→ **Description of the task**:
Wherever the word "pose" occurs in the listing, copy the whole line.

→ **Material supplied**:
Lemma ex_RInt_continuous_pos (f : R -> R) (a b : R) :
  continuous_pos f -> 0 < a -> 0 < b -> ex_RInt f a b.
Proof.
  intros Hf Ha Hb. apply (ex_RInt_continuous (V := R_CompleteNormedModule)).
  intros z [Hz _]. apply Hf, Rlt_le_trans with (2 := Hz). now apply Rmin_glb_lt.
Qed.

Lemma is_RInt_0_oo_filterlim (f : R -> R) (l : R) : is_RInt_0_oo f l ->
  filterlim (fun ab => RInt f (fst ab) (snd ab)) at_0_oo (locally l).
Proof.
  intros H. apply filterlim_locally. intros eps.
  generalize (proj1 (filterlimi_locally _ _) H eps).
  apply filter_imp. intros [a b] [z [Hz Hball]]. now rewrite (is_RInt_unique _ _ _ _ Hz).
Qed.

Lemma filterlim_is_RInt_0_oo (f : R -> R) (l : R) :
  (forall a b, 0 < a -> a <= b -> ex_RInt f a b) ->
  filterlim (fun ab => RInt f (fst ab) (snd ab)) at_0_oo (locally l) -> is_RInt_0_oo f l.
Proof.
  intros Hex. apply (filterlimi_lim_ext_loc (fun ab => RInt f (fst ab) (snd ab))).
  apply (at_0_oo_intro _ 1 1); [lra |]. intros a b Ha Hb; simpl.
  apply (RInt_correct (V := R_CompleteNormedModule)), Hex; lra.
Qed.

Lemma improper_integral_0_inf_is_RInt_0_oo (f : R -> R) (l : R) :
  improper_integral_0_inf f l -> is_RInt_0_oo f l.
Proof.
  intros [Hint Hlim]. apply filterlim_is_RInt_0_oo.
  { intros a b Ha Hab. destruct (Hint a b Ha Hab) as [pr]. now apply ex_RInt_Reals_1. }
  apply filterlim_locally. intros eps.
  destruct (Hlim eps (cond_pos eps)) as [d [Hd [M [HM HdM]]]].
  apply (at_0_oo_intro _ (Rmin d M) M); [now apply Rmin_glb_lt |].
  intros a b [Ha Had] Hb.
  assert (Hab : a <= b) by (pose proof (Rmin_r d M); lra).
  destruct (Hint a b Ha Hab) as [pr]. simpl. rewrite (RInt_Reals _ _ _ pr).
  apply HdM; auto. pose proof (Rmin_l d M); lra.
Qed.

Lemma is_RInt_0_oo_improper_integral_0_inf (f : R -> R) (l : R) : continuous_pos f ->
  is_RInt_0_oo f l -> improper_integral_0_inf f l.
Proof.
  intros Hf H. split.
  { intros a b Ha Hab. constructor. apply ex_RInt_Reals_0, ex_RInt_continuous_pos; auto; lra. }
  intros eps Heps.
  destruct (proj1 (filterlim_locally _ _) (is_RInt_0_oo_filterlim _ _ H) (mkposreal eps Heps))
    as [Q R [d Hd] [M HM] HQR].
  exists d; split; [apply cond_pos |]. exists (Rmax M 1); split; [pose proof (Rmax_r M 1); lra |].
  intros a b pr Ha Had Hb. rewrite <- RInt_Reals.
  apply (HQR a b).
  - apply Hd; auto. change (Rabs (a - 0) < d). rewrite Rminus_0_r, Rabs_pos_eq; lra.
  - apply HM. pose proof (Rmax_l M 1); lra.
Qed.

Lemma is_RInt_0_oo_unique (f : R -> R) (l1 l2 : R) :
  is_RInt_0_oo f l1 -> is_RInt_0_oo f l2 -> l1 = l2.
Proof.
  intros H1 H2. rewrite <- (is_RInt_gen_unique _ _ H1). exact (is_RInt_gen_unique _ _ H2).
Qed.

Lemma is_RInt_0_oo_lincomb (f g : R -> R) (lf lg k1 k2 : R) :
  is_RInt_0_oo f lf -> is_RInt_0_oo g lg ->
  is_RInt_0_oo (fun s => k1 * f s + k2 * g s) (k1 * lf + k2 * lg).
Proof.
  intros Hf Hg.
  exact (is_RInt_gen_plus _ _ _ _ (is_RInt_gen_scal _ k1 _ Hf) (is_RInt_gen_scal _ k2 _ Hg)).
Qed.

Lemma is_RInt_0_oo_abs_le (f g : R -> R) (lf lg : R) :
  (forall s, 0 < s -> Rabs (f s) <= g s) ->
  is_RInt_0_oo f lf -> is_RInt_0_oo g lg -> Rabs lf <= lg.
Proof.
  intros Hfg. apply (RInt_gen_norm f g).
  - apply (at_0_oo_intro _ 1 1); [lra |]; simpl; intros; lra.
  - apply (at_0_oo_intro _ 1 1); [lra |]. intros a b Ha Hb x Hx. apply Hfg. simpl in Hx. lra.
Qed.

Lemma RInt_le_RInt_superset (f : R -> R) (a b c d : R) :
  continuous_pos f -> (forall s, 0 < s -> 0 <= f s) ->
  0 < a -> a <= c -> c <= d -> d <= b -> RInt f c d <= RInt f a b.
Proof.
  intros Hf Hpos Ha Hac Hcd Hdb.
  assert (Hex : forall x y, a <= x -> a <= y -> ex_RInt f x y)
    by (intros; apply ex_RInt_continuous_pos; auto; lra).
  assert (Hge0 : forall x y, a <= x <= y -> 0 <= RInt f x y)
    by (intros x y Hxy; apply RInt_ge_0; try apply Hex; try lra; intros; apply Hpos; lra).
  rewrite <- (RInt_Chasles f a c b), <- (RInt_Chasles f c d b) by (apply Hex; lra).
  pose proof (Hge0 a c ltac:(lra)). pose proof (Hge0 d b ltac:(lra)).
  unfold plus; simpl. lra.
Qed.

Lemma RInt_le_is_RInt_0_oo (f : R -> R) (l a b : R) :
  continuous_pos f -> (forall s, 0 < s -> 0 <= f s) -> is_RInt_0_oo f l ->
  0 < a -> a <= b -> RInt f a b <= l.
Proof.
  intros Hf Hpos Hl Ha Hab.
  change (Rbar_le (RInt f a b) l).
  apply (filterlim_le (F := at_0_oo) (fun _ => RInt f a b) (fun ab => RInt f (fst ab) (snd ab))).
  - apply (at_0_oo_intro _ a b); [lra |]. intros a' b' Ha' Hb'.
    simpl. apply RInt_le_RInt_superset; auto; lra.
  - apply filterlim_const.
  - now apply is_RInt_0_oo_filterlim.
Qed.

Lemma is_RInt_0_oo_split (f g1 g2 : R -> R) (l1 l2 : R) : continuous_pos f ->
  (forall a b, 0 < a -> a < b -> RInt f a b = g1 a + g2 b) ->
  filterlim g1 (at_right 0) (locally l1) -> filterlim g2 (Rbar_locally p_infty) (locally l2) ->
  is_RInt_0_oo f (l1 + l2).
Proof.
  intros Hf Hsplit H1 H2. apply filterlim_is_RInt_0_oo.
  { intros; apply ex_RInt_continuous_pos; auto; lra. }
  apply (filterlim_ext_loc (fun ab => g1 (fst ab) + g2 (snd ab))).
  { apply (at_0_oo_intro _ 1 1); [lra |]. intros a b Ha Hb; simpl. symmetry. apply Hsplit; lra. }
  apply (filterlim_Rplus _ (fun ab => g1 (fst ab)) (fun ab => g2 (snd ab))).
  - eapply filterlim_comp; [apply filterlim_fst | exact H1].
  - eapply filterlim_comp; [apply filterlim_snd | exact H2].
Qed.

Lemma is_RInt_0_oo_derive (f K : R -> R) (la lb : R) :
  (forall s, 0 < s -> is_derive K s (f s)) -> continuous_pos f ->
  filterlim K (at_right 0) (locally la) -> filterlim K (Rbar_locally p_infty) (locally lb) ->
  is_RInt_0_oo f (lb - la).
Proof.
  intros HK Hf Ha Hb. replace (lb - la) with (- la + lb) by ring.
  apply (is_RInt_0_oo_split f (fun a => - K a) K); auto.
  - intros a b Ha0 Hab.
    rewrite (is_RInt_unique f a b (minus (K b) (K a))).
    + unfold minus, plus, opp; simpl. ring.
    + apply (is_RInt_derive (V := R_CompleteNormedModule));
        intros x Hx; rewrite Rmin_left, Rmax_right in Hx by lra; [apply HK | apply Hf]; lra.
  - eapply filterlim_comp; [exact Ha | apply (filterlim_opp la)].
Qed.

(* The partial integrals of f grow with [a, b]; their supremum is the limit. *)
Lemma ex_RInt_0_oo_dominated (f g : R -> R) (lg : R) : continuous_pos f -> continuous_pos g ->
  (forall s, 0 < s -> 0 <= f s <= g s) -> is_RInt_0_oo g lg -> exists l, is_RInt_0_oo f l.
Proof.
  intros Hf Hg Hfg Hlg.
  set (E := fun r => exists a b, 0 < a <= b /\ r = RInt f a b).
  assert (HE : forall a b, 0 < a <= b -> RInt f a b <= lg).
  { intros a b Hab. apply Rle_trans with (RInt g a b).
    - apply RInt_le; try apply ex_RInt_continuous_pos; auto; try lra.
      intros x Hx; apply Hfg; lra.
    - apply RInt_le_is_RInt_0_oo; auto; try lra. intros s Hs; pose proof (Hfg s Hs); lra. }
  destruct (completeness E) as [m [Hub Hlub]].
  { exists lg. intros r [a [b [Hab ->]]]. now apply HE. }
  { exists (RInt f 1 1), 1, 1. split; [lra | reflexivity]. }
  exists m. apply filterlim_is_RInt_0_oo.
  { intros; apply ex_RInt_continuous_pos; auto; lra. }
  apply filterlim_locally. intros eps.
  destruct (not_all_not_ex _ (fun a0 => exists b0, 0 < a0 <= b0 /\ m - eps < RInt f a0 b0))
    as [a0 [b0 [Hab0 Hgt]]].
  { intros Hnone. assert (m <= m - eps) by
      (apply Hlub; intros r [a [b [Hab ->]]]; apply Rnot_lt_le; intros Hlt; apply (Hnone a); eauto).
    pose proof (cond_pos eps); lra. }
  apply (at_0_oo_intro _ a0 b0); [lra |]. intros a b Ha Hb.
  assert (RInt f a0 b0 <= RInt f a b)
    by (apply RInt_le_RInt_superset; auto; try lra; intros s Hs; apply Hfg, Hs).
  assert (RInt f a b <= m) by (apply Hub; exists a, b; split; [lra | reflexivity]).
  change (Rabs (RInt f a b - m) < eps). apply Rabs_def1; lra.
Qed.

Lemma exp_neg_le_1 (y : R) : 0 <= y -> exp (- y) <= 1.
Proof.
  intros Hy. rewrite <- exp_0.
  destruct Hy as [Hy | <-]; [apply Rlt_le, exp_increasing; lra | rewrite Ropp_0; lra].
Qed.

Lemma one_sub_exp_neg_bounds (y : R) : 0 <= y -> 0 <= 1 - exp (- y) <= y.
Proof. intros Hy. pose proof (exp_ineq1_le (- y)). pose proof (exp_neg_le_1 y Hy). lra. Qed.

→ **Result for this exercise**:
  assert (Hab : a <= b) by (pose proof (Rmin_r d M); lra).
  apply HdM; auto. pose proof (Rmin_l d M); lra.
  exists d; split; [apply cond_pos |]. exists (Rmax M 1); split; [pose proof (Rmax_r M 1); lra |].
  - apply HM. pose proof (Rmax_l M 1); lra.
  pose proof (Hge0 a c ltac:(lra)). pose proof (Hge0 d b ltac:(lra)).
    - apply RInt_le_is_RInt_0_oo; auto; try lra. intros s Hs; pose proof (Hfg s Hs); lra. }
    pose proof (cond_pos eps); lra. }
Proof. intros Hy. pose proof (exp_ineq1_le (- y)). pose proof (exp_neg_le_1 y Hy). lra. Qed.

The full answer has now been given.